I am responsible for AT&T's B2B indirect channel strategy and the teams that support thousands of indirect sellers across numerous market segments. This includes solution providers and independent sales contractors across our three AT&T Partner Solutions channel programs and more than 1,850 DIRECTV for Business dealers. In October, I led the strategic realignment of our indirect channel programs to continue driving growth and extend our reach. I now own AT&T Partner Exchange™ and ACC Business, combining them with the AT&T Alliance ChannelTM. All three are now under the umbrella organization of AT&T Partner Solutions, an integral part of my responsibilities, where I also appointed a new channel chief. I lead the DIRECTV for Business organization for AT&T. I am implementing new sales and go to market processes to enable our DIRECTV dealers to sell more AT&T products and services to our collective customers. In July, I launched a series of transformation initiatives within the AT&T Alliance Channel. Solution provider feedback led to improved engagement, more compensation flexibility and significant growth opportunities. In November, we launched these enhancements to all solution providers in the market. Excitement and market traction is building across the country in positive response to our transformation.
What are your goals for your company's channel business over the next year?
2018, and beyond, is all about growth across our organization, especially our indirect channels. AT&T is transforming to expand our market reach and deepen penetration of the market. Indirect channels are key to our growth strategy, both short and long term. The more points of presence we have in the market, the greater our opportunity to help more customers win. Solution providers bring an in-depth industry knowledge, expansive market reach and strong relationships with business customers. I'm confident that the combination of AT&T's assets and portfolio, across our direct and indirect channels, will yield collective success in a breakthrough way.

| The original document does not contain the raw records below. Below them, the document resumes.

(* Let $d\in\mathbb{N}$ and $\mathcal{M}\subseteq\mathbb{N}_0^d$ with $\boldsymbol 0\notin\mathcal{M}$. Then $\min(\mathcal{M})=\min(P(\mathcal{M}))$. Consequently $\min(\mathcal{M})=\min(\mathcal{M}^i)$ for all $i\ge 0$, and $\min(\mathcal{M})=\min(\mathcal{M}^\infty)$ whenever the limit $\mathcal{M}^\infty$ exists.
   Context: For $d\in\mathbb{N}$ a game is a set $\mathcal{M}\subseteq\mathbb{N}_0^d$ of moves. From position $\boldsymbol x\in\mathbb{N}_0^d$ a player may move to $\boldsymbol y\in\mathbb{N}_0^d$ iff $\boldsymbol x-\boldsymbol y\in\mathcal{M}$. Misère play: a player who cannot move wins. If $\boldsymbol 0\in\mathcal{M}$, $P(\mathcal{M})=\varnothing$. Otherwise: a position is an N-position if it has no option or some option is a P-position; otherwise it is a P-position; $P(\mathcal{M})$ denotes the set of P-positions. The $\star$-operator is $\mathcal{M}^\star=P(\mathcal{M})$; $\mathcal{M}^0=\mathcal{M}$, $\mathcal{M}^i=(\mathcal{M}^{i-1})^\star$. The limit $\mathcal{M}^\infty$ exists if every $\boldsymbol x$ is eventually always in or eventually always outside $\mathcal{M}^i$, and then is the set of those eventually always in. $\mathbb{N}_0^d$ carries the componentwise partial order $\preceq$; $\min(S)$ denotes the set of minimal elements of $S$, with $\min(\varnothing)=\varnothing$. *)

From mathcomp Require Import all_boot.
Set Implicit Arguments. Unset Strict Implicit. Unset Printing Implicit Defensive.

(* Positions in N_0^d : finite functions 'I_d -> nat (extensional equality). *)
Definition pos (d : nat) := {ffun 'I_d -> nat}.

Definition pset (d : nat) := pos d -> Prop.

Definition zero_pos (d : nat) : pos d := [ffun _ => 0].

Definition ple d (x y : pos d) : Prop := forall i, x i <= y i.

(* y is an option of x in the game M : x - y ∈ M (with y ∈ N_0^d, i.e. y ≼ x) *)
Definition is_option d (M : pset d) (x y : pos d) : Prop :=
  ple y x /\ M [ffun i => x i - y i].

(* Misère P/N positions, as mutually inductive predicates (the game graph is
   well-founded when 0 ∉ M, so this is the unique solution of the recursion). *)
Inductive Ppos d (M : pset d) : pos d -> Prop :=
| PposI x : (exists y, is_option M x y) ->
            (forall y, is_option M x y -> Npos M y) -> Ppos M x
with Npos d (M : pset d) : pos d -> Prop :=
| Npos_none x : (forall y, ~ is_option M x y) -> Npos M x
| Npos_P x y : is_option M x y -> Ppos M y -> Npos M x.

Definition Pset d (M : pset d) : pset d :=
  fun x => ~ M (zero_pos d) /\ Ppos M x.

Fixpoint Miter d (M : pset d) (i : nat) : pset d :=
  match i with 0 => M | i.+1 => Pset (Miter M i) end.

Definition lim_exists d (M : pset d) : Prop :=
  forall x, (exists n, forall i, n <= i -> Miter M i x) \/
            (exists n, forall i, n <= i -> ~ Miter M i x).

Definition Minf d (M : pset d) : pset d :=
  fun x => exists n, forall i, n <= i -> Miter M i x.

Definition min_elts d (S : pset d) : pset d :=
  fun x => S x /\ forall y, S y -> ple y x -> y = x.

(* Every minimal move m of M is a P-position: its only option is 0, which has
   no option at all (as 0 is not a move), so moving to 0 wins in misère play.
   Conversely every P-position has an option, hence lies above some move.
   Thus min(M) is contained in P(M) and P(M) lies above M; by well-foundedness
   of the componentwise order any such set has the same minimal elements as M.
   Iterating, each M^i contains min(M) and lies above M, and so does M^oo,
   whether or not the limit exists. *)

From mathcomp Require Import all_boot.
From Stdlib Require Import Classical.
From mathcomp Require Import zify.
Set Implicit Arguments. Unset Strict Implicit.

Section Order.

Variable d : nat.

Lemma ple_refl (x : pos d) : ple x x.
Proof. by []. Qed.

Lemma ple_trans (x y z : pos d) : ple x y -> ple y z -> ple x z.
Proof. by move=> hxy hyz i; exact: leq_trans (hxy i) (hyz i). Qed.

Lemma ple_anti (x y : pos d) : ple x y -> ple y x -> x = y.
Proof. by move=> hxy hyx; apply/ffunP => i; apply/eqP; rewrite eqn_leq hxy hyx. Qed.

Definition psum (x : pos d) : nat := \sum_i x i.

Lemma psum_lt_ple (x y : pos d) : ple x y -> x <> y -> psum x < psum y.
Proof.
move=> hle hne; rewrite /psum.
have -> : \sum_i y i = \sum_i x i + \sum_i (y i - x i).
  by rewrite -big_split /=; apply: eq_bigr => i _; have := hle i; lia.
suff : \sum_i (y i - x i) != 0 by lia.
apply: contra_notN hne; rewrite sum_nat_eq0 => /forallP hx0.
by apply/ffunP => i; have := hle i; have /= /eqP := hx0 i; lia.
Qed.

Lemma min_elts_below (S : pset d) y :
  S y -> exists m, min_elts S m /\ ple m y.
Proof.
have [n] := ubnP (psum y); elim: n y => // n IH y lt_yn Sy.
case: (classic (exists z, [/\ S z, ple z y & z <> y])) => [[z [Sz hzy hne]]|hmin].
- have lt_zn : psum z < n by exact: leq_trans (psum_lt_ple hzy hne) lt_yn.
  have [m [hm hmz]] := IH z lt_zn Sz.
  by exists m; split=> //; exact: ple_trans hmz hzy.
- exists y; split=> //; split=> // z Sz hzy.
  by apply: NNPP => hne; apply: hmin; exists z.
Qed.

Lemma min_elts_sandwich (S T : pset d) :
  (forall x, min_elts S x -> T x) ->
  (forall y, T y -> exists s, S s /\ ple s y) ->
  forall x, min_elts S x <-> min_elts T x.
Proof.
move=> minST Tup x; split=> [hx|[Tx hTmin]].
- split; first exact: minST.
  move=> y Ty hyx; have [s [Ss hsy]] := Tup y Ty.
  have esx := (proj2 hx) s Ss (ple_trans hsy hyx).
  by apply: ple_anti hyx _; rewrite -esx.
- have [s [Ss hsx]] := Tup x Tx.
  have [m [hm hms]] := min_elts_below Ss.
  by rewrite -(hTmin m (minST m hm) (ple_trans hms hsx)).
Qed.

End Order.

Section Game.

Variables (d : nat) (M : pset d).
Hypothesis M0 : ~ M (zero_pos d).

Lemma zero_no_option y : ~ is_option M (zero_pos d) y.
Proof.
move=> [_ My]; apply: M0.
suff -> : zero_pos d = [ffun i => zero_pos d i - y i] by [].
by apply/ffunP => i; rewrite !ffunE.
Qed.

Lemma Ppos_min_elts m : min_elts M m -> Ppos M m.
Proof.
move=> [Mm m_min]; constructor.
- exists (zero_pos d); split; first by move=> i; rewrite ffunE.
  suff -> : [ffun i => m i - zero_pos d i] = m by [].
  by apply/ffunP => i; rewrite !ffunE subn0.
- move=> y [le_ym My].
  have /ffunP e := m_min _ My (fun i => ltac:(rewrite ffunE; exact: leq_subr)).
  have -> : y = zero_pos d.
    by apply/ffunP => i; have := e i; have := le_ym i; rewrite /zero_pos !ffunE /=; lia.
  by apply: Npos_none; exact: zero_no_option.
Qed.

Lemma Ppos_above x : Ppos M x -> exists m, M m /\ ple m x.
Proof.
case=> {}x [y [_ My]] _; exists [ffun i => x i - y i]; split=> // i.
by rewrite ffunE; exact: leq_subr.
Qed.

Lemma Pset_zero : ~ Pset M (zero_pos d).
Proof.
move=> [_ /Ppos_above[m [Mm le_m0]]]; apply: M0.
suff <- : m = zero_pos d by [].
by apply: ple_anti le_m0 _ => i; rewrite ffunE.
Qed.

Lemma min_elts_Pset x : min_elts M x <-> min_elts (Pset M) x.
Proof.
apply: min_elts_sandwich => [y /Ppos_min_elts|y [_]]; last exact: Ppos_above.
by split.
Qed.

End Game.

Section Iterates.

Variables (d : nat) (M : pset d).
Hypothesis M0 : ~ M (zero_pos d).

Lemma Miter_zero i : ~ Miter M i (zero_pos d).
Proof. by elim: i => //= i; exact: Pset_zero. Qed.

Lemma min_elts_Miter i x : min_elts M x <-> min_elts (Miter M i) x.
Proof. by elim: i => //= i ->; exact/min_elts_Pset/Miter_zero. Qed.

Lemma Miter_above i y : Miter M i y -> exists m, M m /\ ple m y.
Proof.
elim: i y => [|i IH] y /=; first by exists y; split; last exact: ple_refl.
move=> [_ /Ppos_above[m [/IH[s [Ms le_sm]] le_my]]].
by exists s; split=> //; exact: ple_trans le_sm le_my.
Qed.

Lemma min_elts_Minf x : min_elts M x <-> min_elts (Minf M) x.
Proof.
apply: min_elts_sandwich => [y hy|y [n /(_ n (leqnn n))]]; last exact: Miter_above.
by exists 0 => i _; have [] := proj1 (min_elts_Miter i y) hy.
Qed.

End Iterates.

Theorem lemma2 (d : nat) (hd : 0 < d) (M : pset d) (h0 : ~ M (zero_pos d)) :
  (forall x, min_elts M x <-> min_elts (Pset M) x) /\
  (forall i, forall x, min_elts M x <-> min_elts (Miter M i) x) /\
  (lim_exists M -> forall x, min_elts M x <-> min_elts (Minf M) x).
Proof.
split; first exact: min_elts_Pset.
split; first exact: min_elts_Miter.
by move=> _; exact: min_elts_Minf.
Qed.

What honors, awards, or commendations have you won over the past year?
50 Women to Watch for 2017, Global Telecom Business, recognized for having "led organizations through major transformations with her innovative growth strategies." Female Executive of the Year, Business Services (silver), Stevie Awards for Women in Business, recognized for focus on inclusion, team and driving results. CRN Channel Chief, 2017, nominated for leading the strategic vision of our channel programs. MAKERS Awardee, 2018, recognized for advocating for and participating in the advancement of female leaders. Key People in Key Places Award, 2017, Dallas Fort Worth Asian American Citizens Council, for service and contribution to the enrichment of the Asian-American community.
Outside of your family, please name a woman you admire and why:
One of my role models is Karen Narasaki. A long time civil rights leader and human rights activist, she is also the President/ED of the Asian American Justice Center where I ultimately became a board member. Karen's unwavering passion for the community and commitment to ensuring equality for all inspire me. She championed numerous initiatives focused on driving positive change, including growing representation in the public and private sector, ensuring engagement for Census, elevating the focus on immigration policies and voting rights and so much more. Her tireless focus on our community inspires me to this day.
What advice would you give your 16-year-old self?
To develop a sensitivity and understanding of people. To understand that the world does not operate in a binary fashion. To get comfortable with being uncomfortable and embrace the fact that life is a gift of constant learning and evolution. To be open to serendipity and view each turn as an opportunity and adventure. To take care of yourself: physically, mentally, emotionally and spiritually. To balance your focus on both being good and doing good. To realize that life is all about relationships and to seek opportunities to foster and grow meaningful ones. To pay it forward at all times.
If you could master any new job-related skill, what would it be and why?
What's the best book you read this past year and why did you like it?
Educated, by Tara Westover, left an indelible impression on me. Her life story is filled with challenges and numerous forks in the road, but she managed to persevere with great thought and purpose. Her highly-sheltered survivalist upbringing anchored a complex relationship with her family, which was the foundation of her struggle. She went on to study at Harvard and Cambridge, even though her first classroom experience was at age 17. Her pursuit and embodiment of what I call "the great equalizer," education, is a story everyone should read and reflect on. It's the ultimate example of a continually transformative life.